FOURTH MEDITATION OF OUR SAVIOR'S PASSION ~ LUCY HERBERT

COECKE VAN AELST, Pieter 
Agony in the Garden 
1527-30

IV. Meditation. 

See and behold, my soul, what a condition thy Lord is in for thee! beset so much anguish, struggling and fainting under the apprehensions of death, going and coming from the Disciples to Eternal Father, and from the Eternal Father to the Disciples, and finding no comfort from either, he continues his prayer for three hours, begging his Father, that if it were possible that cup might pass from him. Here we may take notice, he first says. Father to you all things are possible. And after adds, if it be possible, let this cup pass from me. What could make this impossible to him, to whom all things are possible?  O! it was only his love for us which made it so!
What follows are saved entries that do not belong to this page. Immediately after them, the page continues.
(* The alternating binomial sum \sum_(j <= k) (-1)^(j+1) 'C(m.+1, j) = 'C(m, k), k odd. *)
Lemma nbits_odd_below m k : odd k ->
  nbits m.+1 (fun j => odd j && (j < k.+1)) =
  nbits m.+1 (fun j => ~~ odd j && (j < k.+1)) + 'C(m, k).
Proof.
move=> hk; rewrite !nbitsS -nbits_eq.
have -> : nbits m (fun j => odd j && (j < k.+1)) =
          nbits m (fun j => odd j && (j < k)) + nbits m (fun j => j == k).
  by apply/esym/nbitsD => j; lia.
have -> : nbits m (fun j => ~~ odd j && (j < k.+1)) = nbits m (fun j => ~~ odd j && (j < k)).
  by apply: eq_nbits => j; lia.
have -> : nbits m (fun j => ~~ odd j.+1 && (j.+1 < k.+1)) = nbits m (fun j => odd j && (j < k)).
  by apply: eq_nbits => j; lia.
have -> : nbits m (fun j => odd j.+1 && (j.+1 < k.+1)) = nbits m (fun j => ~~ odd j && (j < k)).
  by apply: eq_nbits => j; lia.
lia.
Qed.

Section WeightCountGap.
Variable m : nat.
Hypotheses (m_even : ~~ odd m) (m_ge2 : 2 <= m).

Local Notation evens_below k := (nbits m (fun j => ~~ odd j && (j < k))).
Local Notation odds_below k := (nbits m (fun j => odd j && (j < k))).
Local Notation evens_from k := (nbits m (fun j => ~~ odd j && (k <= j))).
Local Notation odds_from k := (nbits m (fun j => odd j && (k <= j))).
Local Notation level k := (nbits m (fun j => j == k)).
Local Notation evens := (nbits m (fun j => ~~ odd j)).
Local Notation odds := (nbits m odd).

Lemma evens_odds_half : evens + odds = 2 ^ m /\ evens = odds.
Proof.
split; last by apply: nbits_even_odd; lia.
by rewrite -nbitsT; apply: nbitsD => j _; case: (odd j).
Qed.

Lemma odds_below_le a : ~~ odd a -> odds_below a <= evens_below a + 'C(m.-1, uphalf m.-1).
Proof.
case: a => [_|k hk].
  by rewrite (@eq_nbits _ _ pred0) => [|j _]; [rewrite /nbits count_pred0 | rewrite andbF].
case: m m_ge2 => // m' _; rewrite nbits_odd_below ?leq_add2l ?leq_bin_uphalf //.
by rewrite /= negbK in hk.
Qed.
Definition weakly_reversible (n : nat) (e : rel 'I_n) : Prop :=
  forall u v : 'I_n, connect (sym_edge e) u v -> connect e u v.

Definition mono_mul (s : nat) (M N : {ffun 'I_s -> nat}) : {ffun 'I_s -> nat} :=
  [ffun k => (M k + N k)%N].

Definition mono_div_gcd (s : nat) (M N : {ffun 'I_s -> nat}) : {ffun 'I_s -> nat} :=
  [ffun k => (M k - minn (M k) (N k))%N].

Definition event_edge (s n : nat) (e : rel 'I_n) (y : 'I_n -> {ffun 'I_s -> nat})
    (M M' : {ffun 'I_s -> nat}) : Prop :=
  exists (i j : 'I_n) (N : {ffun 'I_s -> nat}),
    e i j /\ M = mono_mul N (y i) /\ M' = mono_mul N (y j).

Definition event_connected (s n : nat) (e : rel 'I_n) (y : 'I_n -> {ffun 'I_s -> nat}) :
    relation {ffun 'I_s -> nat} :=
  clos_refl_trans _ (fun M M' => event_edge e y M M' \/ event_edge e y M' M).

Definition catalytic (s n : nat) (e : rel 'I_n) (y : 'I_n -> {ffun 'I_s -> nat}) : Prop :=
  exists M N : {ffun 'I_s -> nat},
    event_connected e y M N /\
    ~ event_connected e y (mono_div_gcd M N) (mono_div_gcd N M).

Definition mono_eval (R : realType) (s : nat) (a : {ffun 'I_s -> nat}) (x : 'rV[R]_s) : R :=
  \prod_(k < s) (x ord0 k) ^+ (a k).

Definition event_variety (R : realType) (s n : nat) (e : rel 'I_n)
    (y : 'I_n -> {ffun 'I_s -> nat}) : set 'rV[R]_s :=
  [set x | forall i j : 'I_n, (e i j || e j i) -> mono_eval (y i) x = mono_eval (y j) x].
O ecstasy of love! O stupendous effect of God's pity and companion towards us! he, to redeem a slave, has delivered his only Son, that we might be delivered from the jaws of Satan, and pains of hell; though we did not ask it, yet for our sake he refuses his most innocent Son what he petitions for himself with sweat of Blood. And after this so great an effect of God's love, we are frighted from our duty to him by the least difficulty, and can take no pains for his sake, nor pray an hour, nor forgive an injury, nor resist a temptation, for love of him.